Hawks squeezed his hand. "This is better, Dabi. You are better. I wouldn't trade it for anything."
He met Dabi's gaze then, his eyes filled with a love that still took Dabi by surprise. A love that had weathered betrayal, societal judgment, and the constant fear of being discovered.
"Besides," Hawks added with a wink, "who else would put up with your brooding?"
Dabi rolled his eyes, but the corner of his mouth twitched upward. He knew Hawks saw through the cynicism, past the scars and the darkness, to the man he was underneath. The man he had been trying to bury for so long.
He pulled his hand free and reached into his jacket, retrieving a small, worn box. He pushed it across the table.
Hawks' eyebrows rose in surprise. "What's this?"
"Open it," Dabi mumbled, his gaze fixed on his lap.

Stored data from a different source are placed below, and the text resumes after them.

Lemma small_parameters {R : realFieldType} {K V eps eta : R} :
  0 <= K -> 0 <= V -> 0 < eps -> 0 < eta ->
  exists2 k0, 0 < k0 & exists delta : R -> R, forall k, 0 < k <= k0 ->
    [/\ 0 < delta k, 2 * K * k ^+ 2 + delta k * V < eta,
        delta k * V ^+ 2 <= eps * k ^+ 2 & K ^+ 2 * k ^+ 2 <= 2 * eps].
Proof.
move=> K0 V0 eps0 eta0.
have K1 : 0 < 4 * K + 1 by lra.
have KK1 : 0 < K ^+ 2 + 1 by rewrite ltr_pwDr ?sqr_ge0.
have V1 : 0 < 2 * V + 1 by lra.
have VV1 : 0 < V ^+ 2 + 1 by rewrite ltr_pwDr ?sqr_ge0.
exists (Num.min 1 (Num.min (eta / (4 * K + 1)) (eps / (K ^+ 2 + 1)))).
  by rewrite !lt_min ltr01 !divr_gt0.
exists (fun k => Num.min (eta / (2 * V + 1)) (eps * k ^+ 2 / (V ^+ 2 + 1))).
move=> k /andP [k0]; rewrite !le_min => /andP [k1 /andP [k_eta k_eps]].
set dk := Num.min _ _.
have dk_eta : dk * (2 * V + 1) <= eta by rewrite -ler_pdivlMr // ge_min lexx.
have dk_eps : dk * (V ^+ 2 + 1) <= eps * k ^+ 2 by rewrite -ler_pdivlMr // ge_min lexx orbT.
move: k_eta k_eps; rewrite !ler_pdivlMr // => k_eta k_eps.
have kk : k ^+ 2 <= k by rewrite expr2 ger_pMr.
have Kkk : K * k ^+ 2 <= K * k by rewrite ler_wpM2l.
have KKkk : K ^+ 2 * k ^+ 2 <= K ^+ 2 * k by rewrite ler_wpM2l ?sqr_ge0.
split; first by rewrite lt_min !divr_gt0 ?mulr_gt0 ?exprn_gt0.
- have : 0 < dk by rewrite lt_min !divr_gt0 ?mulr_gt0 ?exprn_gt0.
  lra.
- have : 0 <= dk by rewrite le_min !divr_ge0 ?mulr_ge0 ?sqr_ge0 ?ltW.
  lra.
- lra.
Qed.

Theorem theorem1 (R : realType) (d : nat)
  (L : 'cV[R]_d -> 'cV[R]_d -> R) (phi : 'cV[R]_d -> R) (Hbar : R)
  (b vv : R -> 'cV[R]_d -> 'cV[R]_d) :
  (* L is continuous on T^d x R^d *)
  (forall v, Zperiodic (fun x => L x v)) ->
  continuous (fun z : 'cV[R]_d * 'cV[R]_d => L z.1 z.2) ->
  (* superlinearity: lim_{|v|->oo} inf_x L(x,v)/|v| = +oo *)
  (forall M : R, exists R0 : R, forall v, R0 <= enorm v ->
      forall x, M <= L x v / enorm v) ->
  (* phi : T^d -> R Lipschitz *)
  Zperiodic phi ->
  (exists K : R, forall x y, `|phi x - phi y| <= K * enorm (x - y)) ->
  supersolution L phi Hbar ->
  (* chosen minimizers b_k[x] of the Moreau-Yosida transform *)
  (forall k, 0 < k -> Zperiodic (b k)) ->
  (forall k x, 0 < k ->
     phi (x + b k x) + (enorm (b k x)) ^+ 2 / (2 * k ^+ 2) = moreau_yosida phi k x) ->
  (* chosen maximizers vv_k[x] *)
  (forall k, 0 < k -> Zperiodic (vv k)) ->
  (forall k x, 0 < k ->
     vv k x \in Argmax (fun v => - pair_rv (p_of b k x) v - L (x + b k x) v)) ->
  forall eps : R, 0 < eps ->
  exists k0 : R, 0 < k0 /\
  exists delta : R -> R, (forall k, 0 < k <= k0 -> 0 < delta k) /\
  forall (r : R) (k : R) (n : nat) (t : nat -> R) (y : 'cV[R]_d),
    0 < r -> 0 < k <= k0 ->
    time_partition n t r -> fineness_le n t (delta k) ->
    ((phi (motion vv k n t y r))%:E +
     \int[@lebesgue_measure R]_(s in `[0%R, r]%classic) (L (motion vv k n t y s) (control vv k n t y s))%:E
     <= (phi y - Hbar * r + (r + 1) * eps)%:E)%E.
Proof.
move=> L_periodic L_cont L_superlinear _ [K_lip phi_lip0] phi_super _ b_min _ vv_max eps eps0.
pose K := Num.max K_lip 0.
have K_ge0 : 0 <= K by rewrite le_max lexx orbT.
have phi_lip x y : `|phi x - phi y| <= K * enorm (x - y).
  by apply: le_trans (phi_lip0 x y) _; rewrite ler_wpM2r ?enorm_ge0 ?le_max ?lexx.
have [V [V_ge0 vv_le]] := control_bounded K_ge0 phi_lip b_min L_periodic L_cont L_superlinear vv_max.
have eps2_gt0 : 0 < eps / 2 by rewrite divr_gt0.
have [eta eta0 L_close] := periodic_unif_continuous L_periodic L_cont V _ eps2_gt0.
have [k0 k0_gt0 [delta small]] := small_parameters K_ge0 V_ge0 eps0 eta0.
exists k0; split => //; exists delta; split; first by move=> k /small [].
move=> r k n t y r0 kk0 part fine; have [_ small_b small_q small_K] := small k kk0.
have [k_gt0 _] := andP kk0.
exact: (motion_estimate K_ge0 phi_lip b_min L_cont vv_max phi_super
  k (delta k) V eps eta n t r y k_gt0 (fun x => vv_le k x k_gt0) L_close
  small_b small_q small_K r0 part fine).
Qed.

Hawks carefully opened the box. Inside, nestled on a bed of velvet, was a single, perfectly formed red feather. Not just any feather. It was one of Hawks' feathers, carefully preserved and polished.
"I… I found it," Dabi said, his voice barely a whisper. "After that fight with the Nomu. You were injured… I kept it. To remember."

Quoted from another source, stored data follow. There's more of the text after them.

(* Let $q$ be a prime power, $n$ a positive integer, $L(x)=\sum_{i=0}^{n-1}a_ix^{q^{2i}}$ with $a_i\in\mathbb F_{q^{2n}}$, and suppose $\sigma_L$ is $\lambda$-Hermitian for some $\lambda\in\mathbb F_{q^2}$. Let $r=n-\dim\ker L$, and for $c\in\mathbb F_{q^2}$ let $N_c$ be the number of $u\in\mathbb F_{q^{2n}}$ with $\mathrm{Tr}(uL(u^q))+c=0$. Then \[N_c=\begin{cases}q^{2n-1}+(-1)^r(q-1)q^{2n-r-1}&\text{if }c=0,\\ q^{2n-1}+(-1)^{r-1}q^{2n-r-1}&\text{if }c^{q-1}=\lambda,\\ 0&\text{otherwise.}\end{cases}\]
   Context: $\mathrm{Tr}$ is the trace $\mathbb F_{q^{2n}}\to\mathbb F_{q^2}$ and $\sigma_L(u,v)=\mathrm{Tr}(uL(v^q))$. For a sesquilinear form $\sigma$, $\sigma^*(u,v)=\sigma(v,u)^q$, and $\sigma$ is $\lambda$-Hermitian if $\sigma^*=\lambda\sigma$. $\ker L$ is the kernel of the induced $\mathbb F_{q^2}$-linear map on $\mathbb F_{q^{2n}}$, dimension over $\mathbb F_{q^2}$. *)

From HB Require Import structures.
From mathcomp Require Import all_boot all_order all_algebra all_field.
Set Implicit Arguments. Unset Strict Implicit. Unset Printing Implicit Defensive.
Import GRing.Theory.
Local Open Scope ring_scope.

(* Setting: K = F_{q^2} (a finite field of order q^2), F = F_{q^{2n}} a field
   extension of K of dimension n over K. *)
Section Defs.
Variables (K : finFieldType) (F : fieldExtType K) (q n : nat).

(* Tr : F_{q^{2n}} -> F_{q^2}, x |-> sum_{i<n} x^{q^{2i}} (values lie in the
   image of K in F). *)
Definition Tr (x : F) : F := \sum_(i < n) x ^+ (q ^ (2 * i)).

Definition Lpoly (a : 'I_n -> F) (x : F) : F :=
  \sum_(i < n) a i * x ^+ (q ^ (2 * i)).

Definition sigmaL (a : 'I_n -> F) (u v : F) : F := Tr (u * Lpoly a (v ^+ q)).

(* sigma^*(u,v) = sigma(v,u)^q ; sigma is lambda-Hermitian iff sigma^* = lambda sigma *)
Definition is_lambda_hermitian (a : 'I_n -> F) (lam : K) : Prop :=
  forall u v : F, (sigmaL a v u) ^+ q = lam%:A * sigmaL a u v.

Definition kerL (a : 'I_n -> F) : {vspace F} := lker (linfun (Lpoly a)).

Definition Ncount (a : 'I_n -> F) (c : K) : nat :=
  #|[pred u : finvect_type F | Tr (u * Lpoly a (u ^+ q)) + c%:A == 0]|.

End Defs.

(* sigma_L takes its values in F_{q^2}, where it is a lambda-Hermitian
   sesquilinear form B on F_{q^2n} over F_{q^2}; its radical {v | L(v^q) = 0}
   is the image of ker L under the bijection v |-> v^(q^(2n-1)), so it has
   dimension n - r.
   The number of u with B(u, u) = t is computed by induction on the dimension of
   a subspace S.  If B(u, u) = 0 on S, polarising with a scalar k such that
   k^q != k shows that B vanishes on S.  Otherwise some w has a := B(w, w) != 0,
   S splits as K w + (w^perp in S), and B(k w + v, k w + v) = N(k) a + B(v, v)
   where the norm N(k) = k^(q+1) takes each nonzero value of F_q exactly q + 1
   times; the closed formula satisfies the same recursion. *)

From HB Require Import structures.
From mathcomp Require Import all_boot all_order all_algebra all_field.
From mathcomp Require Import zify ring.
Set Implicit Arguments. Unset Strict Implicit. Unset Printing Implicit Defensive.
Import GRing.Theory.
Local Open Scope ring_scope.

Lemma card_expr_eq_le (R : finFieldType) (m : nat) (c : R) :
  (0 < m)%N -> (#|[pred x : R | x ^+ m == c]| <= m)%N.
Proof.
move=> m_gt0; have p_neq0 : ('X^m - c%:P : {poly R}) != 0.
  by rewrite -size_poly_eq0 size_XnsubC.
have := max_poly_roots p_neq0 (_ : all _ (enum [pred x : R | x ^+ m == c])).
rewrite size_XnsubC // ltnS cardE; apply; last exact: enum_uniq.
by apply/allP => x; rewrite mem_enum inE rootE !hornerE => /eqP->; rewrite subrr.
Qed.

Lemma fibers_full (T U : finType) (f : T -> U) (A : {pred T}) (B : {pred U})
    (c : nat) :
  {in A, forall x, f x \in B} -> (#|B| * c <= #|A|)%N ->
  (forall y, #|[pred x in A | f x == y]| <= c)%N ->
  {in B, forall y, #|[pred x in A | f x == y]| = c}.
Proof.
move=> fAB cardAB fiber_le; pose fiber y := #|[pred x in A | f x == y]|.
have cardA : #|A| = (\sum_(y in B) fiber y)%N.
  rewrite -sum1_card (partition_big f [in B] fAB).
  by apply: eq_bigr => y _; rewrite sum1dep_card; apply: eq_card => x; rewrite inE.
have fiber_sum := leqif_sum (fun y (_ : y \in B) => leqif_eq (fiber_le y)).
have /forall_inP all_full : [forall (y | y \in B), fiber y == c].
  rewrite -fiber_sum.2 eqn_leq fiber_sum.1 -cardA.
  by rewrite (leq_trans _ cardAB) // sum_nat_const.
by move=> y /all_full/eqP.
Qed.

Section NormFibers.
Variables (K : finFieldType) (q : nat).
Hypothesis cardK : #|K| = (q ^ 2)%N.

Lemma q2_gt1 : (1 < q ^ 2)%N.
Proof. by rewrite -cardK; apply/card_gt1P; exists 0, 1; split; rewrite // eq_sym oner_neq0. Qed.

Lemma q_gt1 : (1 < q)%N.
Proof. by have := q2_gt1; case: q => [|[|]]. Qed.

Lemma expr_card2 (k : K) : k ^+ (q ^ 2) = k.
Proof. by rewrite -cardK expf_card. Qed.

Lemma frobenius_fixed_unit (k : K) : k != 0 -> k ^+ q = k -> k ^+ (q - 1) = 1.
Proof.
move=> k_neq0; have -> : q = (q - 1).+1 by have := q_gt1; lia.
by rewrite subSS subn0 exprSr => fixed_k; apply: (mulIf k_neq0); rewrite mul1r.
Qed.

Lemma card_unit_roots_le : (#|[pred x : K | x ^+ (q - 1) == 1%R]| <= q - 1)%N.
Proof. by apply: card_expr_eq_le; rewrite subn_gt0 q_gt1. Qed.

Lemma frobenius_nonfixed : exists k : K, k ^+ q != k.
Proof.
apply/existsP; apply: contraT; rewrite negb_exists => /forallP all_fixed.
have unit_root : {subset predC1 (0 : K) <= [pred x : K | x ^+ (q - 1) == 1]}.
  move=> x; rewrite !inE => x_neq0.
  by rewrite frobenius_fixed_unit // (eqP (negbNE (all_fixed x))).
have := leq_trans (subset_leq_card (introT subsetP unit_root)) card_unit_roots_le.
by rewrite cardC1 cardK expnS expn1; have := q_gt1; nia.
Qed.

Lemma norm_neq0_unit (k : K) : k != 0 -> (k ^+ q.+1) ^+ (q - 1) = 1.
Proof.
move=> k_neq0; apply: (mulIf k_neq0); rewrite mul1r -exprM -exprSr.
have -> : (q.+1 * (q - 1)).+1 = (q ^ 2)%N by have := q_gt1; rewrite expnS expn1; nia.
exact: expr_card2.
Qed.

(* The q^2 - 1 = (q - 1)(q + 1) nonzero elements are spread over at most q - 1
   fibers of the norm, each of size at most q + 1: all these fibers are full. *)
Lemma card_norm_fiber (s : K) :
  s ^+ (q - 1) = 1 -> #|[pred k : K | k ^+ q.+1 == s]| = q.+1.
Proof.
move=> s_unit; pose units := [pred x : K | x ^+ (q - 1) == 1].
have s_neq0 : s != 0.
  by apply: contra_eq_neq s_unit => ->; rewrite expr0n subn_eq0 leqNgt q_gt1 eq_sym oner_eq0.
have norm_unit : {in predC1 0, forall k : K, k ^+ q.+1 \in units}.
  by move=> k; rewrite !inE => /norm_neq0_unit->.
have card_units : (#|units| * q.+1 <= #|predC1 (0%R : K)|)%N.
  rewrite cardC1 cardK (leq_trans (leq_mul card_unit_roots_le (leqnn _))) //.
  by rewrite expnS expn1; have := q_gt1; nia.
have fiber_le (y : K) : (#|[pred k in predC1 0%R | k ^+ q.+1 == y]| <= q.+1)%N.
  rewrite (leq_trans (subset_leq_card _) (card_expr_eq_le y _)) //.
  by apply/subsetP => k /andP[].
have s_in : s \in units by rewrite inE s_unit.
rewrite -[RHS](fibers_full norm_unit card_units fiber_le s_in).
apply: eq_card => k; rewrite !inE andb_idl // => /eqP k_norm.
by apply: contra_neq s_neq0 => k0; rewrite -k_norm k0 expr0n.
Qed.

End NormFibers.

Lemma sumr_if (T : finType) (R : zmodType) (P : pred T) (x y : R) :
  \sum_(i : T) (if P i then x else y) = y *+ #|T| + (x - y) *+ #|P|.
Proof.
rewrite (eq_bigr (fun i => y + (if P i then x - y else 0))) => [|i _]; last first.
  by case: (P i); rewrite ?addr0 // addrC subrK.
by rewrite big_split /= -big_mkcond !sumr_const.
Qed.

Section HermitianForm.
Variables (K : finFieldType) (q : nat) (lam : K).
Hypotheses (cardK : #|K| = (q ^ 2)%N) (qK : [pchar K].-nat q).

Lemma frobeniusB (x y : K) : (x - y) ^+ q = x ^+ q - y ^+ q.
Proof. by rewrite exprDn_pchar // exprNn_pchar. Qed.

Lemma norm_frobenius (k : K) : (k ^+ q.+1) ^+ q = k ^+ q.+1.
Proof. by rewrite -exprM mulSn mulnn exprD expr_card2 // -exprSr. Qed.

He didn't say what he wanted to remember. The fear. The relief. The overwhelming realization that he couldn't imagine a world without Hawks in it.
Hawks' eyes shimmered with unshed tears. He reached out and gently touched the feather, his fingers tracing its delicate barbs.
"Dabi…"
He looked up, meeting Hawks' gaze. He wasn't sure what Hawks saw there, but whatever it was, it was enough.
Hawks leaned across the table and kissed him. A soft, gentle kiss that spoke volumes. A kiss that promised another ten years, and then another. A kiss that said, "I see you. I love you. Always."
As they pulled apart, Hawks looked at him, his eyes shining brighter than the city lights below.
"Happy Anniversary, Dabi," he whispered, his voice full of love.
Dabi, for once, didn't have a sarcastic comeback. He simply reached out, took Hawks' hand again, and held on tight.
"Happy Anniversary, Keigo," he replied, using Hawks' given name for the first time in years. It felt right. It felt honest. It felt like home.
And in that moment, under the watchful gaze of the city, surrounded by the flickering candlelight and the weight of ten years, Dabi knew that he was finally, truly, free. Free to love, free to be loved, and free to spend the rest of his life with the man who had shown him what it meant to fly.